Saturday, September 2, 2017

These Wilder Years

I recently watched These Wilder Years off my DVR since it's available on DVD courtesy of the Warner Archive Collection.

James Cagney, about 55 at the time and really much too old for the role, plays Steve Bradford, a wealthy businessman. He comes into a board meeting one day and tells everybody he's taking a leave of absence for a personal matter. He goes to some Hollywood version of a midwestern small city, making his way to the Haven, a school for a certain type of girl.

It turns out that the Haven is a place where young women who have gotten knocked up out of wedlock can go to have their babies and put them up for adoption. Twenty years ago, Steve knocked up a girl and the two of them decided to put the baby up for adoption. Steve never got married, and feels an emptiness in his life, so he's going to Haven to find his child.

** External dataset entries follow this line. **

Definition fan_dim n (S : fan n) (i : fan_idx S) : nat :=
  \rank (\matrix_(j < size (fan_gens i), l < n) ((fan_gens i)`_j) 0 l).

Definition is_fan n (S : fan n) : Prop :=
  [/\ (forall i j : fan_idx S, fan_cone i = fan_cone j -> i = j),
      (forall (i : fan_idx S) v, fan_cone i v -> fan_cone i (- v) -> v = 0),
      (forall (i : fan_idx S) F, is_face (fan_cone i) F -> exists j : fan_idx S, fan_cone j = F) &
      (forall i j : fan_idx S, is_face (fan_cone i) (fan_cone i `&` fan_cone j) /\
                   is_face (fan_cone j) (fan_cone i `&` fan_cone j))].

Definition complete_fan n (S : fan n) : Prop :=
  forall v : 'rV[R]_n, exists i : fan_idx S, fan_cone i v.

(* Data of a cone complex structure on a topological space X: a finite
   family of subsets (the cones) and, for each cone sigma, a finite list of
   real functions generating the group M(sigma) (only their values on sigma
   matter). *)
Record cone_complex (X : topologicalType) := ConeComplex {
  cc_idx : finType;
  cc_cone : cc_idx -> set X;
  cc_dim : cc_idx -> nat;
  cc_gen : forall i : cc_idx, 'I_(cc_dim i) -> X -> R }.

Section ConeComplexDefs.
Variables (X : topologicalType) (C : cone_complex X).

(* evaluation map sigma -> Hom(Z^k, R) = R^k  *)
Definition cc_ev (i : cc_idx C) (x : X) : 'rV[R]_(cc_dim i) :=
  \row_j cc_gen j x.

Definition inM (i : cc_idx C) (f : X -> R) : Prop :=
  exists z : 'I_(cc_dim i) -> int,
    forall x, cc_cone i x -> f x = \sum_(k < cc_dim i) (z k)%:~R * cc_gen k x.

Definition inM_restr (i j : cc_idx C) (f : X -> R) : Prop :=
  exists z : 'I_(cc_dim i) -> int,
    forall x, cc_cone j x -> f x = \sum_(k < cc_dim i) (z k)%:~R * cc_gen k x.

Definition supp_fun (i : cc_idx C) (a : 'rV[R]_(cc_dim i)) : Prop :=
  forall y, cc_cone i y -> 0 <= lin a (cc_ev i y).

(* relative interior of sigma_i: points lying on no proper face *)
Definition relint (i : cc_idx C) (x : X) : Prop :=
  cc_cone i x /\
  forall a, supp_fun a -> lin a (cc_ev i x) = 0 ->
    forall y, cc_cone i y -> lin a (cc_ev i y) = 0.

Of course, back in those days, the adoption records were strictly sealed, so Ann (Barbara Stanwyck), the woman who runs Haven, isn't about to let Steve have them. Steve, for his part, is a rich SOB who's used to geting his way, so he hires high-priced lawyer Rayburn (Walter Pidgeon) to sue and get the records released.

Set against this is young Suzie (Betty Lou Keim), a girl who has gotten herself knocked up and ran away from home to have the baby at Haven and put it up for adoption. Steve takes a liking to Suzie in a fatherly way.

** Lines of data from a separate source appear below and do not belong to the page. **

(* Let $\kappa$ be a gravitational lens satisfying the conditions in the context, and let $\alpha(x)=\frac{2}{x}\int_0^x\kappa(t)\,t\,dt$ for $x>0$ be its normalized deflection angle. An Einstein ring is a radius $x_E>0$ with $\alpha(x_E)=x_E$. If an Einstein ring exists, then there is exactly one.
   Context: A gravitational lens (in a single lens plane) is given by a normalized surface density $\kappa$ on the plane $\mathbb{R}^2$ satisfying: (i) Continuity: $\kappa:\mathbb{R}^2\to[0,\infty)$ is continuous, except possibly at the origin for singular lenses. (ii) Circular symmetry: $\kappa$ depends only on the radius $x=\|\mathbf{x}\|$; write $\kappa=\kappa(x)$. (iii) Finiteness: $\kappa(x)<\infty$ for $x>0$; $\kappa(0)=1/C_1$ for a constant $C_1\ge 0$ (so $\kappa(0)=+\infty$ when $C_1=0$); and $\lim_{x\to\infty}\kappa(x)\,x=C_2$ for a constant $0\le C_2<\infty$. (iv) Self-gravitation: $\kappa(x)<\bar\kappa(x)$ for $x>0$, where $\bar\kappa(x)=\frac{2}{x^2}\int_0^x\kappa(t)\,t\,dt$. The lens is called singular if and only if $C_1=0$, and non-singular otherwise. The deflection angle $\alpha$ is the radial derivative of the lensing potential $f$ solving $\Delta f=2\kappa$, which for a circularly symmetric lens is $\alpha(x)=\frac{2}{x}\int_0^x\kappa(t)\,t\,dt$. *)

From Stdlib Require Import Reals.
From Coquelicot Require Import Coquelicot.
Open Scope R_scope.

Definition mass (kappa : R -> R) (x : R) : R :=
  RInt_gen (fun t => kappa t * t) (at_right 0) (at_point x).

Definition kbar (kappa : R -> R) (x : R) : R := 2 / x ^ 2 * mass kappa x.

Definition alpha (kappa : R -> R) (x : R) : R := 2 / x * mass kappa x.

(* kappa : R -> R is the radial profile of the circularly symmetric
   surface density, kappa(x) = kappa(||x||).  Conditions (i)-(iv). *)
Definition is_lens (kappa : R -> R) (C1 C2 : R) : Prop :=
  (forall x, 0 < x -> continuous kappa x) /\
  (forall x, 0 < x -> 0 <= kappa x) /\
  0 <= C1 /\
  (0 < C1 -> kappa 0 = / C1 /\ filterlim kappa (at_right 0) (locally (/ C1))) /\
  0 <= C2 /\
  filterlim (fun x => kappa x * x) (Rbar_locally p_infty) (locally C2) /\
  (forall x, 0 < x -> ex_RInt_gen (fun t => kappa t * t) (at_right 0) (at_point x)) /\
  (forall x, 0 < x -> kappa x < kbar kappa x).

Definition einstein_ring (kappa : R -> R) (xE : R) : Prop :=
  0 < xE /\ alpha kappa xE = xE.

(* Since alpha x = x * kbar x, an Einstein ring is a radius where the mean
   density kbar equals 1.  The enclosed mass has derivative kappa x * x, so
   kbar' x = 2/x * (kappa x - kbar x), which is negative by self-gravitation:
   kbar is strictly decreasing on (0, +oo) and takes the value 1 at most once. *)
From Stdlib Require Import Reals Lra.
From Coquelicot Require Import Coquelicot.
Open Scope R_scope.

Lemma strict_decrease_of_neg_derive (f df : R -> R) (a : R) :
  (forall x, a < x -> is_derive f x (df x)) ->
  (forall x, a < x -> df x < 0) ->
  forall x y, a < x < y -> f y < f x.
Proof.
  intros Hd Hneg x y [ax xy].
  destruct (MVT_gen f x y df) as [c [[xc cy] Hmvt]].
  - intros z [xz _]; apply Hd; apply Rlt_le_trans with (Rmin x y);
      [apply Rmin_glb_lt|]; lra.
  - intros z [xz _]; apply continuity_pt_filterlim, (@ex_derive_continuous R_AbsRing R_NormedModule).
    exists (df z); apply Hd; apply Rlt_le_trans with (Rmin x y);
      [apply Rmin_glb_lt|]; lra.
  - rewrite Rmin_left in xc by lra.
    assert (df c < 0) by (apply Hneg; lra).
    nra.
Qed.

Section EnclosedMass.

Variable kappa : R -> R.
Hypothesis kappa_cont : forall x, 0 < x -> continuous kappa x.
Hypothesis mass_ex :
  forall x, 0 < x -> ex_RInt_gen (fun t => kappa t * t) (at_right 0) (at_point x).

Let f := fun t => kappa t * t.

Lemma continuous_mass_density x : 0 < x -> continuous f x.
Proof.
  intros x0; apply (continuous_mult kappa (fun t => t)); [now apply kappa_cont|].
  apply continuous_id.
Qed.

Lemma is_RInt_mass_sub a b :
  0 < a -> 0 < b -> is_RInt f a b (mass kappa b - mass kappa a).
Proof.
  intros a0 b0.
  assert (Hab : ex_RInt f a b).
  { apply (@ex_RInt_continuous R_CompleteNormedModule); intros z Hz.
    apply continuous_mass_density.
    apply Rlt_le_trans with (Rmin a b); [apply Rmin_glb_lt|apply Hz]; lra. }
  assert (Ha : is_RInt_gen f (at_right 0) (at_point a) (mass kappa a)).
  { apply (@RInt_gen_correct R_CompleteNormedModule _ _
      (Proper_StrongProper _ (at_right_proper_filter 0))
      (Proper_StrongProper _ (at_point_filter _))).
    exact (mass_ex a a0). }
  assert (Hb : mass kappa b = plus (mass kappa a) (RInt f a b)).
  { pose proof (is_RInt_gen_Chasles f a _ _ Ha
      (proj2 (is_RInt_gen_at_point _ _ _ _)
        (@RInt_correct R_CompleteNormedModule _ _ _ Hab))) as Hc.
    exact (@is_RInt_gen_unique R_CompleteNormedModule _ _
      (Proper_StrongProper _ (at_right_proper_filter 0))
      (Proper_StrongProper _ (at_point_filter _)) _ _ Hc). }
  replace (mass kappa b - mass kappa a) with (RInt f a b)
    by (rewrite Hb; symmetry; apply Rplus_minus_l).
  exact (@RInt_correct R_CompleteNormedModule _ _ _ Hab).
Qed.

Lemma is_derive_mass x : 0 < x -> is_derive (mass kappa) x (kappa x * x).
Proof.
  intros x0.
  set (m := mass kappa (x / 2)).
  apply (is_derive_ext (fun y => m + (mass kappa y - m))).
  { intros y; change (m + (mass kappa y - m) = mass kappa y); ring. }
  replace (kappa x * x) with (0 + f x) by (unfold f; ring).
  apply (is_derive_plus (fun _ => m)).
  { apply (@is_derive_const R_AbsRing R_NormedModule). }
  apply (is_derive_RInt f _ (x / 2)); [|now apply continuous_mass_density].
  assert (hx : 0 < x / 2) by lra.
  exists (mkposreal _ hx); intros y Hy.
  change (Rabs (y - x) < x / 2) in Hy; apply Rabs_def2 in Hy.
  apply is_RInt_mass_sub; lra.
Qed.

Lemma is_derive_kbar x :
  0 < x -> is_derive (kbar kappa) x (2 / x * (kappa x - kbar kappa x)).
Proof.
  intros x0.
  assert (Hinv : is_derive (fun y => 2 / y ^ 2) x (- 4 / x ^ 3)).
  { auto_derive; [nra|field; lra]. }
  pose proof (is_derive_mult _ _ x _ _ Hinv (is_derive_mass x x0) Rmult_comm) as H.
  unfold kbar.
  replace (2 / x * (kappa x - 2 / x ^ 2 * mass kappa x))
    with (- 4 / x ^ 3 * mass kappa x + 2 / x ^ 2 * (kappa x * x)) by (field; lra).
  exact H.
Qed.

End EnclosedMass.

Lemma kbar_decreasing kappa C1 C2 :
  is_lens kappa C1 C2 -> forall x y, 0 < x < y -> kbar kappa y < kbar kappa x.
Proof.
  intros (Hcont & _ & _ & _ & _ & _ & Hmass & Hself).
  apply (strict_decrease_of_neg_derive _ _ 0 (is_derive_kbar kappa Hcont Hmass)).
  intros x x0.
  assert (0 < 2 / x) by (apply Rdiv_lt_0_compat; lra).
  specialize (Hself x x0); nra.
Qed.

Lemma alpha_eq_mul_kbar kappa x : alpha kappa x = x * kbar kappa x.
Proof.
  unfold alpha, kbar.
  destruct (Req_dec x 0) as [->|x0].
  - unfold Rdiv; rewrite Rinv_0; ring.
  - field; exact x0.
Qed.

Lemma einstein_ring_kbar kappa x : einstein_ring kappa x <-> 0 < x /\ kbar kappa x = 1.
Proof.
  unfold einstein_ring; rewrite alpha_eq_mul_kbar.
  split; intros [x0 H]; split; [exact x0| |exact x0|].
  - apply (Rmult_eq_reg_l x); [lra|lra].
  - rewrite H; ring.
Qed.

Theorem theorem2 (kappa : R -> R) (C1 C2 : R) :
  is_lens kappa C1 C2 ->
  (exists xE, einstein_ring kappa xE) ->
  exists! xE, einstein_ring kappa xE.
Proof.
  intros Hlens [x1 E1].
  exists x1; split; [exact E1|].
  intros x2 E2.
  apply einstein_ring_kbar in E1 as [x1_pos K1].
  apply einstein_ring_kbar in E2 as [x2_pos K2].
  destruct (Rtotal_order x1 x2) as [lt|[eq|gt]]; [|exact eq|].
  - pose proof (kbar_decreasing kappa C1 C2 Hlens x1 x2 (conj x1_pos lt)); lra.
  - pose proof (kbar_decreasing kappa C1 C2 Hlens x2 x1 (conj x2_pos gt)); lra.
Qed.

These Wilder Years is exactly the sort of pabulum you'd expect from an MGM movie of the 40s, although this one was released in 1956. The script is didactic and close to moralizing at times, with a whole bunch of plot holes and timeline problems. And then it's revealed at the end that Steve's kid got the adoption information, which seems like a violation of policy that's totally overlooked. The characters are uniformly one-dimensional and although everybody tries hard, they're doomed by the story and script.

It's a shame that great actors like Cagney and Stanwyck wound up in movies like this later in their career. But as I've mentioned on other occasions, every actor if their career goes long enough winds up in a couple of serious misfires. These Wilder Years is one of those misfires for Cagney and Stanwyck.